ACTIVITY
Nothing but the lines from the one containing "cyclical_overlap l1 r1 l2 r2) ->" to the end of the material should be returned, each exactly as written.

INPUT RECORDS
(* Let $\mathfrak{R}$ be a complete rewriting system on $\Sigma$ that is cyclically terminating. If there are no rules in $\mathfrak{R}$ with cyclical overlaps or cyclical inclusions, then $\mathfrak{R}$ is cyclically confluent.
   Context: $\Sigma^*$ is the free monoid on $\Sigma$; a rewriting system is a set of rules $l\to r$ with $l,r\in\Sigma^*$, complete meaning terminating and confluent; $plq\to prq$ is one rewriting step. $u\simeq v$ means $u=ab$, $v=ba$ for some words $a,b$ (cyclic conjugates). $u\rightsquigarrow v$ means some cyclic conjugate $\tilde u$ of $u$ (possibly $u$) satisfies $\tilde u\to v$; $\rightsquigarrow^*$ is its reflexive–transitive closure. $\mathfrak{R}$ is cyclically terminating if there is no infinite sequence $u_1\rightsquigarrow u_2\rightsquigarrow\cdots$, and cyclically confluent if whenever $w\rightsquigarrow^* u$ and $w\rightsquigarrow^* v$ there exist $z\simeq z'$ with $u\rightsquigarrow^* z$ and $v\rightsquigarrow^* z'$. There is a cyclical overlap between two rules if they have the form $xuy\to u'$ and $yvx\to v'$ with $u',v'$ words, $u,v,x,y$ non-empty words, and $u'v$, $v'u$ not cyclic conjugates. There is a cyclical inclusion between rules $l\to v$ and $l'\to v'$ if either $l'\simeq l$ and $v,v'$ are not cyclic conjugates, or $l'$ is a proper subword of a cyclic conjugate $\ell_1$ of $l$, written $\ell_1=ul'$ with $u$ non-empty, and $v$ and $uv'$ are not cyclic conjugates. *)

From Stdlib Require Import List Relations.
Import ListNotations.
Set Implicit Arguments.

Section Rewriting.
Variable Sigma : Type.

Definition word := list Sigma.

Definition rws := word -> word -> Prop.

Definition step (R : rws) (u v : word) : Prop :=
  exists p q l r, R l r /\ u = p ++ l ++ q /\ v = p ++ r ++ q.

Definition rewrites (R : rws) : word -> word -> Prop := clos_refl_trans _ (step R).

Definition terminating (R : rws) : Prop :=
  ~ exists f : nat -> word, forall n, step R (f n) (f (S n)).

Definition confluent (R : rws) : Prop :=
  forall w u v, rewrites R w u -> rewrites R w v ->
    exists z, rewrites R u z /\ rewrites R v z.

Definition complete (R : rws) : Prop := terminating R /\ confluent R.

Definition cconj (u v : word) : Prop :=
  exists a b, u = a ++ b /\ v = b ++ a.

Definition cstep (R : rws) (u v : word) : Prop :=
  exists u', cconj u u' /\ step R u' v.

Definition crewrites (R : rws) : word -> word -> Prop := clos_refl_trans _ (cstep R).

Definition cyclically_terminating (R : rws) : Prop :=
  ~ exists f : nat -> word, forall n, cstep R (f n) (f (S n)).

Definition cyclically_confluent (R : rws) : Prop :=
  forall w u v, crewrites R w u -> crewrites R w v ->
    exists z z', cconj z z' /\ crewrites R u z /\ crewrites R v z'.

Definition cyclical_overlap (l1 r1 l2 r2 : word) : Prop :=
  exists x u y v, x <> [] /\ u <> [] /\ y <> [] /\ v <> [] /\
    l1 = x ++ u ++ y /\ l2 = y ++ v ++ x /\ ~ cconj (r1 ++ v) (r2 ++ u).

Definition cyclical_inclusion (l v l' v' : word) : Prop :=
  (cconj l' l /\ ~ cconj v v') \/
  (exists l1 u, cconj l l1 /\ l1 = u ++ l' /\ u <> [] /\ ~ cconj v (u ++ v')).

End Rewriting.

(* Cyclic termination makes the cyclic step relation well founded, so by Newman's
   lemma taken modulo cyclic conjugacy it suffices to join two cyclic steps out of
   one word.  Rotating, both redexes sit on a common circular word.  If one of them
   lies inside a linear reading of the circle, ordinary confluence joins the two
   results.  Otherwise the redexes wrap around each other: they then form a cyclical
   overlap or a cyclical inclusion, and excluding these says exactly that the two
   results are already conjugate. *)

From Stdlib Require Import List Relations Classical ClassicalEpsilon.
Import ListNotations.
Set Implicit Arguments.
Unset Strict Implicit.

Section NoInfiniteChain.
Variables (A : Type) (red : relation A).

Lemma no_infinite_chain_Acc :
  ~ (exists f : nat -> A, forall n, red (f n) (f (S n))) -> forall x, Acc (transp A red) x.
Proof.
  intros Hchain x0. apply NNPP. intro Hx0.
  set (P := fun x => ~ Acc (transp A red) x).
  assert (Hnext : forall x, P x -> exists y, red x y /\ P y).
  { intros x Hx. apply NNPP. intro Hno. apply Hx. constructor. intros y Hy.
    apply NNPP. intro Hy'. apply Hno. now exists y. }
  assert (next : forall s : {x | P x}, {y | red (proj1_sig s) y /\ P y}).
  { intros [x Hx]. apply constructive_indefinite_description. now apply Hnext. }
  set (g := fun s => exist P (proj1_sig (next s)) (proj2 (proj2_sig (next s)))).
  apply Hchain. exists (fun n => proj1_sig (Nat.iter n g (exist P x0 Hx0))).
  intro n. exact (proj1 (proj2_sig (next _))).
Qed.

End NoInfiniteChain.

Section NewmanModulo.
Variables (A : Type) (E red : relation A).
Hypothesis E_equiv : equivalence A E.
Let E_refl : reflexive A E := equiv_refl _ _ E_equiv.
Let E_sym : symmetric A E := equiv_sym _ _ E_equiv.
Let E_trans : transitive A E := equiv_trans _ _ E_equiv.

Hypothesis red_compat : forall x y z, E x y -> red y z -> red x z.

Definition joinable_modulo (u v : A) : Prop :=
  exists z z', E z z' /\ clos_refl_trans A red u z /\ clos_refl_trans A red v z'.

Lemma rt_compat x y z : E x y -> clos_refl_trans A red y z ->
  exists z', E z' z /\ clos_refl_trans A red x z'.
Proof.
  intros Exy Hyz. apply clos_rt_rt1n in Hyz. destruct Hyz as [|y1 z Hs Hr].
  - exists x. split; [exact Exy | apply rt_refl].
  - exists z. split; [apply E_refl |].
    apply rt_trans with y1; [apply rt_step; eauto | now apply clos_rt1n_rt].
Qed.

Lemma joinable_modulo_sym u v : joinable_modulo u v -> joinable_modulo v u.
Proof.
  intros (z & z' & Ez & Hu & Hv). exists z', z.
  repeat split; [apply E_sym | |]; assumption.
Qed.

Lemma joinable_modulo_compat u u' v v' :
  E u u' -> E v v' -> joinable_modulo u' v' -> joinable_modulo u v.
Proof.
  intros Eu Ev (z & z' & Ez & Hu & Hv).
  destruct (rt_compat Eu Hu) as (c & Ec & Hc).
  destruct (rt_compat Ev Hv) as (d & Ed & Hd).
  exists c, d. repeat split; [| assumption | assumption].
  apply E_trans with z; [assumption |].
  apply E_trans with z'; [assumption |].
  now apply E_sym.
Qed.

Lemma E_joinable_modulo u v : E u v -> joinable_modulo u v.
Proof. intros Euv. exists u, v. repeat split; [assumption | apply rt_refl ..]. Qed.

Hypothesis red_local : forall w u v, red w u -> red w v -> joinable_modulo u v.

Lemma newman_modulo w : Acc (transp A red) w ->
  forall u v, clos_refl_trans A red w u -> clos_refl_trans A red w v -> joinable_modulo u v.
Proof.
  induction 1 as [w _ IH]. intros u v Hu Hv.
  apply clos_rt_rt1n in Hu. apply clos_rt_rt1n in Hv.
  destruct Hu as [|u1 u Su Hu].
  { exists v, v. repeat split; [apply E_refl | now apply clos_rt1n_rt | apply rt_refl]. }
  destruct Hv as [|v1 v Sv Hv].
  { exists u, u. repeat split; [apply E_refl | apply rt_refl |].
    apply rt_trans with u1; [now apply rt_step | now apply clos_rt1n_rt]. }
  apply clos_rt1n_rt in Hu. apply clos_rt1n_rt in Hv.
  destruct (red_local Su Sv) as (a & b & Eab & Ha & Hb).
  destruct (IH u1 Su u a Hu Ha) as (c & c' & Ecc' & Huc & Hac').
  destruct (rt_compat (E_sym Eab) Hac') as (c'' & Ec'' & Hbc'').
  destruct (IH v1 Sv v c'' Hv (rt_trans _ _ _ _ _ Hb Hbc'')) as (d & d' & Edd' & Hvd & Hcd').
  assert (Ecc'' : E c c'').
  { apply E_trans with c'; [assumption | now apply E_sym]. }
  destruct (rt_compat Ecc'' Hcd') as (e & Ee & Hce).
  exists e, d. repeat split.
  - apply E_trans with d'; [assumption | now apply E_sym].
  - now apply rt_trans with c.
  - assumption.
Qed.

End NewmanModulo.

Section Conjugacy.
Variable Sigma : Type.
Implicit Types a b l s p q u v w : word Sigma.

Lemma cconj_refl u : cconj u u.
Proof. exists [], u. now rewrite app_nil_r. Qed.

Lemma cconj_sym u v : cconj u v -> cconj v u.
Proof. intros (a & b & -> & ->). now exists b, a. Qed.

Lemma cconj_trans u v w : cconj u v -> cconj v w -> cconj u w.
Proof.
  intros (a & b & -> & Ev) (c & d & Ev' & ->). rewrite Ev' in Ev.
  destruct (app_eq_app _ _ _ _ Ev) as (m & [[-> ->] | [-> ->]]).
  - exists m, (d ++ b). now rewrite !app_assoc.
  - exists (a ++ c), m. now rewrite !app_assoc.
Qed.

Lemma cconj_equivalence : equivalence (word Sigma) (@cconj Sigma).
Proof. split; [exact cconj_refl | exact cconj_trans | exact cconj_sym]. Qed.

Lemma cconj_swap u v : cconj (u ++ v) (v ++ u).
Proof. now exists u, v. Qed.

Lemma cconj_rot u v w : cconj (u ++ v ++ w) (v ++ w ++ u).
Proof. exists u, (v ++ w). now rewrite <- app_assoc. Qed.

Local Ltac solve_app :=
  repeat split; try discriminate;
  simpl; repeat (rewrite <- app_assoc || rewrite app_nil_r); reflexivity.

(* The two factors [l1], [l2] of two conjugate words either sit one inside a
   linear reading of the other word, or wrap around each other on the circle. *)
Lemma conj_factor_cases l1 s1 l2 s2 a b :
  l1 ++ s1 = a ++ b -> l2 ++ s2 = b ++ a ->
  (exists p q, l1 ++ s1 = p ++ l2 ++ q /\ s2 = q ++ p) \/
  (exists p q, l2 ++ s2 = p ++ l1 ++ q /\ s1 = q ++ p) \/
  (exists k f, k <> [] /\ f <> [] /\ l1 = k ++ s2 ++ f /\ l2 = f ++ s1 ++ k).
Proof.
  intros E1 E2. destruct (app_eq_app _ _ _ _ E1) as (f & [[-> ->] | [-> ->]]).
  - rewrite <- app_assoc in E2.
    destruct (app_eq_app _ _ _ _ E2) as (h & [[-> E3] | [-> ->]]).
    + destruct (app_eq_app _ _ _ _ E3) as (k & [[-> ->] | [-> ->]]).
      * left. exists a, k. solve_app.
      * destruct k as [|c k]; [|destruct f as [|d f]].
        -- left. exists s2, []. solve_app.
        -- right; left. exists s1, []. solve_app.
        -- right; right. exists (c :: k), (d :: f). solve_app.
    + left. exists a, (h ++ s1). solve_app.
  - destruct (app_eq_app _ _ _ _ E2) as (c & [[-> E3] | [-> ->]]).
    + destruct (app_eq_app _ _ _ _ E3) as (d & [[-> ->] | [-> ->]]).
      * right; left. exists b, f. solve_app.
      * right; left. exists b, (d ++ s2). solve_app.
    + left. exists (l1 ++ f), c. solve_app.
Qed.

End Conjugacy.

Section CyclicRewriting.
Variables (Sigma : Type) (R : rws Sigma).
Implicit Types l r s p q u v w : word Sigma.

Local Notation cjoinable := (joinable_modulo (@cconj Sigma) (cstep R)).

Lemma step_app p l r q : R l r -> step R (p ++ l ++ q) (p ++ r ++ q).
Proof. intros Hlr. now exists p, q, l, r. Qed.

Lemma cstep_cconj_compat u v w : cconj u v -> cstep R v w -> cstep R u w.
Proof.
  intros Euv (v' & Evv' & Hs). exists v'. split; [now apply cconj_trans with v | exact Hs].
Qed.

Lemma rewrites_crewrites u v : rewrites R u v -> crewrites R u v.
Proof.
  induction 1 as [x y Hxy | x | x y z _ IHxy _ IHyz].
  - apply rt_step. exists x. split; [apply cconj_refl | exact Hxy].
  - apply rt_refl.
  - now apply rt_trans with y.
Qed.

Lemma cjoinable_cconj_compat u u' v v' :
  cconj u u' -> cconj v v' -> cjoinable u' v' -> cjoinable u v.
Proof. apply joinable_modulo_compat; [apply cconj_equivalence | apply cstep_cconj_compat]. Qed.

Hypothesis R_confluent : confluent R.

Lemma cjoinable_nested_redexes l1 r1 l2 r2 s p q :
  R l1 r1 -> R l2 r2 -> l1 ++ s = p ++ l2 ++ q -> cjoinable (r1 ++ s) (r2 ++ q ++ p).
Proof.
  intros H1 H2 Es.
  assert (S1 : step R (l1 ++ s) (r1 ++ s)) by exact (step_app [] s H1).
  assert (S2 : step R (l1 ++ s) (p ++ r2 ++ q)) by (rewrite Es; exact (step_app p q H2)).
  destruct (R_confluent (rt_step _ _ _ _ S1) (rt_step _ _ _ _ S2)) as (z & Hz1 & Hz2).
  apply (cjoinable_cconj_compat (cconj_refl _) (cconj_sym (cconj_rot p r2 q))).
  exists z, z. repeat split; [apply cconj_refl | now apply rewrites_crewrites ..].
Qed.

Hypothesis R_no_overlap :
  forall l1 r1 l2 r2, R l1 r1 -> R l2 r2 -> ~ cyclical_overlap l1 r1 l2 r2.
Hypothesis R_no_inclusion :
  forall l1 r1 l2 r2, R l1 r1 -> R l2 r2 -> ~ cyclical_inclusion l1 r1 l2 r2.

Lemma cconj_wrapped_redexes l1 r1 l2 r2 s1 s2 k f :
  R l1 r1 -> R l2 r2 -> k <> [] -> f <> [] ->
  l1 = k ++ s2 ++ f -> l2 = f ++ s1 ++ k -> cconj (r1 ++ s1) (r2 ++ s2).
Proof.
  intros H1 H2 Hk Hf -> ->. apply NNPP. intro Hn.
  destruct s1 as [|c s1]; destruct s2 as [|d s2]; simpl in *; rewrite ?app_nil_r in Hn.
  - apply (R_no_inclusion H2 H1). left. split.
    + apply cconj_swap.
    + intro Hc. now apply Hn, cconj_sym.
  - apply (R_no_inclusion H1 H2). right.
    exists (d :: s2 ++ f ++ k), (d :: s2). repeat split; try discriminate.
    + rewrite app_assoc. apply cconj_swap.
    + intro Hc. apply Hn.
      apply cconj_trans with ((d :: s2) ++ r2); [exact Hc | exact (cconj_swap (_ :: _) _)].
  - apply (R_no_inclusion H2 H1). right.
    exists (c :: s1 ++ k ++ f), (c :: s1). repeat split; try discriminate.
    + rewrite app_assoc. apply cconj_swap.
    + intro Hc. apply Hn, cconj_sym.
      apply cconj_trans with ((c :: s1) ++ r1); [exact Hc | exact (cconj_swap (_ :: _) _)].
  - apply (R_no_overlap H1 H2).
    exists k, (d :: s2), f, (c :: s1). repeat split; try discriminate; assumption.
Qed.

Lemma cjoinable_conj_redexes l1 r1 l2 r2 s1 s2 :
  R l1 r1 -> R l2 r2 -> cconj (l1 ++ s1) (l2 ++ s2) -> cjoinable (r1 ++ s1) (r2 ++ s2).
Proof.
  intros H1 H2 (a & b & E1 & E2).
  destruct (conj_factor_cases E1 E2)
    as [(p & q & Es & ->) | [(p & q & Es & ->) | (k & f & Hk & Hf & El1 & El2)]].
  - exact (cjoinable_nested_redexes H1 H2 Es).
  - apply (joinable_modulo_sym (cconj_equivalence Sigma)).
    exact (cjoinable_nested_redexes H2 H1 Es).
  - apply E_joinable_modulo. exact (cconj_wrapped_redexes H1 H2 Hk Hf El1 El2).
Qed.

Lemma cstep_local_cjoinable w u v : cstep R w u -> cstep R w v -> cjoinable u v.
Proof.
  intros (w1 & C1 & (p1 & q1 & l1 & r1 & H1 & -> & ->))
         (w2 & C2 & (p2 & q2 & l2 & r2 & H2 & -> & ->)).
  apply (cjoinable_cconj_compat (cconj_rot p1 r1 q1) (cconj_rot p2 r2 q2)).
  apply (cjoinable_conj_redexes H1 H2).
  apply cconj_trans with (p1 ++ l1 ++ q1); [apply cconj_sym, cconj_rot |].
  apply cconj_trans with w; [now apply cconj_sym |].
  now apply cconj_trans with (p2 ++ l2 ++ q2); [| apply cconj_rot].
Qed.

End CyclicRewriting.

Theorem theorem5p9 (Sigma : Type) (R : rws Sigma) :
  complete R -> cyclically_terminating R ->
  (forall l1 r1 l2 r2, R l1 r1 -> R l2 r2 -> ~ cyclical_overlap l1 r1 l2 r2) ->
  (forall l1 r1 l2 r2, R l1 r1 -> R l2 r2 -> ~ cyclical_inclusion l1 r1 l2 r2) ->
  cyclically_confluent R.
Proof.
  intros [_ Hconf] Hterm Hov Hinc w.
  apply newman_modulo.
  - apply cconj_equivalence.
  - apply cstep_cconj_compat.
  - exact (cstep_local_cjoinable Hconf Hov Hinc).
  - exact (no_infinite_chain_Acc Hterm w).
Qed.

REPLY TO THE TASK
  (forall l1 r1 l2 r2, R l1 r1 -> R l2 r2 -> ~ cyclical_overlap l1 r1 l2 r2) ->
  (forall l1 r1 l2 r2, R l1 r1 -> R l2 r2 -> ~ cyclical_inclusion l1 r1 l2 r2) ->
  cyclically_confluent R.
Proof.
  intros [_ Hconf] Hterm Hov Hinc w.
  apply newman_modulo.
  - apply cconj_equivalence.
  - apply cstep_cconj_compat.
  - exact (cstep_local_cjoinable Hconf Hov Hinc).
  - exact (no_infinite_chain_Acc Hterm w).
Qed.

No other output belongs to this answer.